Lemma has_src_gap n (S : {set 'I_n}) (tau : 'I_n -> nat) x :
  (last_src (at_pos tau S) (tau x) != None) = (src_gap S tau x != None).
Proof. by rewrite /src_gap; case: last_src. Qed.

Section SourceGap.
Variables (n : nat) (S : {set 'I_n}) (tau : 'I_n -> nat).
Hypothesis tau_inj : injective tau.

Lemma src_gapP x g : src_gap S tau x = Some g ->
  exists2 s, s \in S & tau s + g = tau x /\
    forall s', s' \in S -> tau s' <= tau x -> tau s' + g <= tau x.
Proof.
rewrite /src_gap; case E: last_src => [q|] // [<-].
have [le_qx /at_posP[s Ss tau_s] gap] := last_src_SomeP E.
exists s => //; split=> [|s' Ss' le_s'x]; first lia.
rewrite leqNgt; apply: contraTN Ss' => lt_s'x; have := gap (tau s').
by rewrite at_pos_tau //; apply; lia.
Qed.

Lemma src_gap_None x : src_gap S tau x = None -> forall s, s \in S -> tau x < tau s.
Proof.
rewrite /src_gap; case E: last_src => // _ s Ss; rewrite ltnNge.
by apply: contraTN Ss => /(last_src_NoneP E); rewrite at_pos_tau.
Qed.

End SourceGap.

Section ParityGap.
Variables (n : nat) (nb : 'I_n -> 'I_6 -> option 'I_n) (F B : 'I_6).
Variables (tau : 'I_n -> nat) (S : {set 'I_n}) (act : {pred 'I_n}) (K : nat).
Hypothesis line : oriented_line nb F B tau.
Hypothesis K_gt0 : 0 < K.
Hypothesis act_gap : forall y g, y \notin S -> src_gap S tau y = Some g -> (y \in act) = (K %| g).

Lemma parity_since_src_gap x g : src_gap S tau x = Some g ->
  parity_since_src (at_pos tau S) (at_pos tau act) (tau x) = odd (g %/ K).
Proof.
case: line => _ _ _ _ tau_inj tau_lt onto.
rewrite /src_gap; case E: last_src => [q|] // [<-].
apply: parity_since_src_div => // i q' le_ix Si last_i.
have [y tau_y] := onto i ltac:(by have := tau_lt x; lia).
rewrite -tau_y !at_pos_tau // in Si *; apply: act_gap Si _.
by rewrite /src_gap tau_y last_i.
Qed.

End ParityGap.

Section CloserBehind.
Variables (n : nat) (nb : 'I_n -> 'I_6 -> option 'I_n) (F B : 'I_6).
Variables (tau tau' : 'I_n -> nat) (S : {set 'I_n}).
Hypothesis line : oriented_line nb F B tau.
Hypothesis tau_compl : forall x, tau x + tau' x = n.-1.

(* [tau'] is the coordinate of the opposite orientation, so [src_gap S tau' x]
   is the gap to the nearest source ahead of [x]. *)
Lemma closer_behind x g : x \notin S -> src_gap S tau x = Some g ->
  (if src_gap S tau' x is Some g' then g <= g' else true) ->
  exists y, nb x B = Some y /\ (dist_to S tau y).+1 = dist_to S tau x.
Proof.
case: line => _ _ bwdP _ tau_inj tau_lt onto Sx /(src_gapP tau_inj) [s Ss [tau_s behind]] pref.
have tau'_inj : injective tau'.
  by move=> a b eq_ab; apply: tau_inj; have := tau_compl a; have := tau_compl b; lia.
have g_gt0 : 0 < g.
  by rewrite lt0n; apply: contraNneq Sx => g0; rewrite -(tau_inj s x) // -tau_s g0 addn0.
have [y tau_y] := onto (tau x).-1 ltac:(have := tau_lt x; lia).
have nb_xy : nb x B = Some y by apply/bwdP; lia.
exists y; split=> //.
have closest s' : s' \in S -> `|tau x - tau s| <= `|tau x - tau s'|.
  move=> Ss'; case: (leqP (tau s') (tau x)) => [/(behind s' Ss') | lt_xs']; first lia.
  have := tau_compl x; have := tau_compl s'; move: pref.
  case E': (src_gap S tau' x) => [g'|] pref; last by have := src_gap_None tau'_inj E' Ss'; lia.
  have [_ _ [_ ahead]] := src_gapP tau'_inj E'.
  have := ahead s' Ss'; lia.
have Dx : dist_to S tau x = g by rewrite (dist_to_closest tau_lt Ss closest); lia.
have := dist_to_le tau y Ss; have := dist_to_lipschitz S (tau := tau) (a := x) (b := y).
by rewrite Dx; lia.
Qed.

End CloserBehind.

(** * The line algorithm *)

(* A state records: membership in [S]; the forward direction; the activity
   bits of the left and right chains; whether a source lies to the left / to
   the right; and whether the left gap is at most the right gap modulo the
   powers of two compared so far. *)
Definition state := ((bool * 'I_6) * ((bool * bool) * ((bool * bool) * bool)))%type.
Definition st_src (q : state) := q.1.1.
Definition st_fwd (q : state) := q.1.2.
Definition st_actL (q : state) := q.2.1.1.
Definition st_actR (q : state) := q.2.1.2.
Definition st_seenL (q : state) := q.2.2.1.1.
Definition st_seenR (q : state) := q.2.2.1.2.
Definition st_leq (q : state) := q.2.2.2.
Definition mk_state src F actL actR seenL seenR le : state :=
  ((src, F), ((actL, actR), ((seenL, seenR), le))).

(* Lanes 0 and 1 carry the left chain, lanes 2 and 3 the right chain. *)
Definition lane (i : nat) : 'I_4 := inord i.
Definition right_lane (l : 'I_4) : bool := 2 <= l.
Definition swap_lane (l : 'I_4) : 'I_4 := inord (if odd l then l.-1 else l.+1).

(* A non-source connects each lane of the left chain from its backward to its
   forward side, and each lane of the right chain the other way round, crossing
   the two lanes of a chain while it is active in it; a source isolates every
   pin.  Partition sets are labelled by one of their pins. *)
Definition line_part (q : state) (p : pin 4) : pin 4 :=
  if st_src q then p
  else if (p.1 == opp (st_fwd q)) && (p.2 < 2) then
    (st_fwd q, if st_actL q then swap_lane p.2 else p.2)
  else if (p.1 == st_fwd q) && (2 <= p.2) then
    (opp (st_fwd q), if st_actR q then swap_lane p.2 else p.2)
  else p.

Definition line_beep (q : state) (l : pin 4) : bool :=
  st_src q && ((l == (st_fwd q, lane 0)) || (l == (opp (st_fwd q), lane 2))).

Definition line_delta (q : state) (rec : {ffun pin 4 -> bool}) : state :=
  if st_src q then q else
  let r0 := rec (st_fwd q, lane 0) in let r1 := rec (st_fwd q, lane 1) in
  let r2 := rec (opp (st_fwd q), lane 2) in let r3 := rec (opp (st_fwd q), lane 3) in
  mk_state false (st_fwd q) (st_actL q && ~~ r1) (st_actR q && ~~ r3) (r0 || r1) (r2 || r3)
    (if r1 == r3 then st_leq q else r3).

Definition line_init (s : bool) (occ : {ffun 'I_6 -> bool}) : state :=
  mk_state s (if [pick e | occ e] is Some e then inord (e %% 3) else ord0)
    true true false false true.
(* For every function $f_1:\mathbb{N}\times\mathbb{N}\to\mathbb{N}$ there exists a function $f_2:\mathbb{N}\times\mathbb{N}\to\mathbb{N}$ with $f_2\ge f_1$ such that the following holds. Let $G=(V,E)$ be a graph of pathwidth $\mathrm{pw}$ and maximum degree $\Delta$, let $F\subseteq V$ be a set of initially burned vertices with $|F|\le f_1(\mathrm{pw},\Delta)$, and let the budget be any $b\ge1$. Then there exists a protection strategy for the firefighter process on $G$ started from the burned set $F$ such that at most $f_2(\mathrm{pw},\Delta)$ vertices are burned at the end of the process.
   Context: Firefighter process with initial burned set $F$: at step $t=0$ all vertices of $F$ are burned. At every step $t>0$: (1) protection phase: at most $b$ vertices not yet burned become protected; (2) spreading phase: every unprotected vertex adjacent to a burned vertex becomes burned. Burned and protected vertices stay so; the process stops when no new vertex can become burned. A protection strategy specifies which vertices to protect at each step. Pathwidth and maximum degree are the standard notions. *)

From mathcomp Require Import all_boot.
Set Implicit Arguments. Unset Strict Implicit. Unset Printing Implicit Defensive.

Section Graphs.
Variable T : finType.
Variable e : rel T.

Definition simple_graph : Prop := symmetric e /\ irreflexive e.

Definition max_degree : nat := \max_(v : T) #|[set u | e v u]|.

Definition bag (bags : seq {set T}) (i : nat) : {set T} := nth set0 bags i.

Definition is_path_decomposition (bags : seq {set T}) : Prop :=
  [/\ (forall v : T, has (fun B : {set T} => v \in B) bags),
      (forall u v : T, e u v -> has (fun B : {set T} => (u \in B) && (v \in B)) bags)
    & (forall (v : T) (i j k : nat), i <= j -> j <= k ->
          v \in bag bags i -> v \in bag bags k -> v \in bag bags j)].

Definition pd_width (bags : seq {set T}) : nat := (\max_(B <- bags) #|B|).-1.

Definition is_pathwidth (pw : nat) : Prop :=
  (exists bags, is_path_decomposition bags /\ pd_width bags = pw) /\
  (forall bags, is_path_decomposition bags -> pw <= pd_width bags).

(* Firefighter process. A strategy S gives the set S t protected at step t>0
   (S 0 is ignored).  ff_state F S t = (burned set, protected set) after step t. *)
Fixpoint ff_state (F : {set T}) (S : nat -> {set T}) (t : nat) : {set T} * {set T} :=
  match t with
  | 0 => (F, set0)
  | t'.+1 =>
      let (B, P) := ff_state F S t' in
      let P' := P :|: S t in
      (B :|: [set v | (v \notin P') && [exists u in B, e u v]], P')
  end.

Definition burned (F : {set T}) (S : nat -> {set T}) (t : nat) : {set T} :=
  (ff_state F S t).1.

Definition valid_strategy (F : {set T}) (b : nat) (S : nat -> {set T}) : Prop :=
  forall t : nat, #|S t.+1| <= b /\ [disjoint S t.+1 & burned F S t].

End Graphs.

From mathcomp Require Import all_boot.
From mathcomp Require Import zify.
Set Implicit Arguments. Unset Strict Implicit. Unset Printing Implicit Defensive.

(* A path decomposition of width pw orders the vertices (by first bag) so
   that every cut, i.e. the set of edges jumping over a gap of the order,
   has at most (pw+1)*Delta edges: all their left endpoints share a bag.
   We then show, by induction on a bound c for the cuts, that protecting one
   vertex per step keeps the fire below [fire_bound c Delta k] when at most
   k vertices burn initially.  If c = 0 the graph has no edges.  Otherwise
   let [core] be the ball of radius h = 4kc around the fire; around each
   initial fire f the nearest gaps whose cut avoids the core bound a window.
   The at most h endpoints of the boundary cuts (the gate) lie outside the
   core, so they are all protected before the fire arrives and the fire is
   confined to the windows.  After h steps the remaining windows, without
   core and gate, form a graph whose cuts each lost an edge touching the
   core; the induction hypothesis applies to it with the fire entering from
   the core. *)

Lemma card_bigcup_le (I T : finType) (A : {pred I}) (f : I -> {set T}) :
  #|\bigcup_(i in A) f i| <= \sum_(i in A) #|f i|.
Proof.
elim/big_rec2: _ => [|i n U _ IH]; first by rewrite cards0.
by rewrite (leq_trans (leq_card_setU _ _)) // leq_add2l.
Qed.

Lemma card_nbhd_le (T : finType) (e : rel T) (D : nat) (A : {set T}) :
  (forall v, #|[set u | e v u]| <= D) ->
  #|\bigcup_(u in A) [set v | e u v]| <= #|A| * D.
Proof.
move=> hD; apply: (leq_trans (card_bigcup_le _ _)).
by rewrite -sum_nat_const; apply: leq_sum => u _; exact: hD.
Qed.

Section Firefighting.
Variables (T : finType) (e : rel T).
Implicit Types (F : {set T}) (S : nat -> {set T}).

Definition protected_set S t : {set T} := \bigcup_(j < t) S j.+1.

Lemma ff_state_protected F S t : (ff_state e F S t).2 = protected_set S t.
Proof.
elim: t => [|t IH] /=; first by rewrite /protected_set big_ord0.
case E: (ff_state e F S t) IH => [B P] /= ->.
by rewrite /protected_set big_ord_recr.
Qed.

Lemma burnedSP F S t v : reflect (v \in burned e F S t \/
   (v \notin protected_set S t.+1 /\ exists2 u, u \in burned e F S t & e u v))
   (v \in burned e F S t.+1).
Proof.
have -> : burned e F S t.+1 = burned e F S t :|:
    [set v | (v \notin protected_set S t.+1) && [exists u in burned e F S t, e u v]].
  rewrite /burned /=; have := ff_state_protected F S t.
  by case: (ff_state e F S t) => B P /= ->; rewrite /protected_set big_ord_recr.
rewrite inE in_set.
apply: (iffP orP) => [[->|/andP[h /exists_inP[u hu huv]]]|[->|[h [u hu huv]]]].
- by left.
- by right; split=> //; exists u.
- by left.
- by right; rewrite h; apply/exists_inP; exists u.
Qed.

# # # #

TASK BRIEF: In how many lines of the data does the string "induction" appear? Only the number should be given.

WRITTEN ANSWER: 2